Там, внизу

29 марта 2010, 22:27

«Кладбищенской земляники крупнее и слаще нет…»

М. Цветаева

 

— Шёл человек на работу…. Шёл себе, да упал вдруг в сугроб, вот ведь, как бывает…

— Э-э! Смерть — штука такая, не знаешь, где тебя обнимет, прижмёт.

— Молодой ведь. Сколько ему? Полтинник-то разменял?

— Да вот, в прошлом году отмечали…

— А мне утром Вовка звонит, а я спросонья не пойму никак…

— Да конечно. Как откажешь-то? Дело такое…

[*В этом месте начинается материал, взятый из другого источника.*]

Lemma cd_lift2 d P Q R h :
  CDprov d (P ⊃ Q ⊃ R) -> ~ occurs h P -> ~ occurs h Q -> ~ occurs h R ->
  CDprov d ((V h ⊃ P) ⊃ (V h ⊃ Q) ⊃ V h ⊃ R).
Proof.
  intros HPQR HP HQ HR.
  assert (H1 := cd_lift1 d _ _ h HPQR HP ltac:(simpl; tauto)).
  apply (cd_mp_general_major d _ _ _
           (subst_of_list [(9, V h ⊃ P); (10, V h); (11, Q); (12, R)]) _ (cd_BS d) H1).
  - reflexivity.
  - intros x Hx HxA; simpl in Hx, HxA; exfalso; tauto.
  - reflexivity.
  - intros Hd; apply CDprov_dn_ok in HPQR; specialize (HPQR Hd); simpl in *; tauto.
Qed.

Definition ctx (L : list nat) (f : form) : form := fold_right (fun v g => V v ⊃ g) f L.
Definition ctxI (L : list nat) (f : form) : form :=
  fold_right (fun v g => (V v ⊃ V v) ⊃ g) f L.

Lemma ctx_cons v L f : ctx (v :: L) f = V v ⊃ ctx L f.
Proof. reflexivity. Qed.

Lemma ctxI_cons v L f : ctxI (v :: L) f = (V v ⊃ V v) ⊃ ctxI L f.
Proof. reflexivity. Qed.

Lemma occurs_ctx x L f : occurs x (ctx L f) <-> In x L \/ occurs x f.
Proof. induction L; simpl; [tauto|]. rewrite IHL; intuition. Qed.

Lemma occurs_ctxI x L f : occurs x (ctxI L f) <-> In x L \/ occurs x f.
Proof. induction L; simpl; [tauto|]. rewrite IHL; intuition. Qed.

Lemma has_dn_ctxI L f : has_dn (ctxI L f) <-> has_dn f.
Proof. induction L; simpl; [tauto|]. rewrite IHL; tauto. Qed.

Lemma subst_ctx s L f :
  (forall v, In v L -> s v = V v ⊃ V v) -> subst s (ctx L f) = ctxI L (subst s f).
Proof. induction L; simpl; intros H; [reflexivity|]. rewrite H, IHL; auto. Qed.

Lemma subst_ctxI s L f :
  (forall v, In v L -> s v = V v) -> subst s (ctxI L f) = ctxI L (subst s f).
Proof. induction L; simpl; intros H; [reflexivity|]. rewrite H, IHL; auto. Qed.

Разминаясь и поёживаясь от холодного и влажного ветра, дующего с поля, мужики хлопали дверьми машины. Из багажника доставали лопаты, лом, топор, верёвки — всё необходимое для работы. Взгрустнув, было по дороге, сейчас сменили тему на погоду и природу, задирая головы в небо и делясь своими в ней познаниями.

— Ветер нагонит чего-нибудь.

— Главное, ты пургу не гони!

— Я говорю: снег будет. Тучи вон, смотри, какие тяжёлые.

— Снег нам не помеха. Земля была бы пухом!

— Сплюнь, придурок!

— Да я не себе…

Николай, он тесть нашего сослуживца Серёги, мужиком был тихим и неприметным. Скорее даже одиночкой, по нашим понятиям, однако никому особо плохого не делал, да и Серёга его вроде прихваливал — такого можно и пожалеть. Хотя, об умерших плохого вообще не говорят. Я-то его тоже особенно не знал, так — здорово-здорово. Жену его немного знал, да двух дочек, на одной из которых Серёга и женился лет пять-шесть назад. Нормальная семья, молодые ещё старики-то: внучке сколько? Годков пять, наверное. Колька сам — работяга, семьянин, хоть и ростом неказист, да и весом не отличался…. А нам, мелким да жилистым, тоже многое по плечу: мы же бегать умеем и где силой не взять, там умишком схитрим. Так вот, какой никакой, а главы семья лишилась. Горе в семье.

Своим у нас свои копают, уже обычай такой. Благо, не город, никто на кладбище не попрёт на обычаи. Это в городе без администрации кладбища ни шага не сделать, да за всё платить надо, а у нас бесплатно, да и Местная Власть на многое глаза закрывает. Порядка, конечно бы хотелось, вона, как уже всё переплели оградками, кое-где даже не пройти, а где и пусто место осталось. Некоторые себе аж на сто лет вперёд отгородили мест на пять-шесть — это значит, чтоб семьёй лежать. Может и правы, по-своему…. Здесь, на опушке, на фоне вековых сосен и берёз…. Благодать-то какая!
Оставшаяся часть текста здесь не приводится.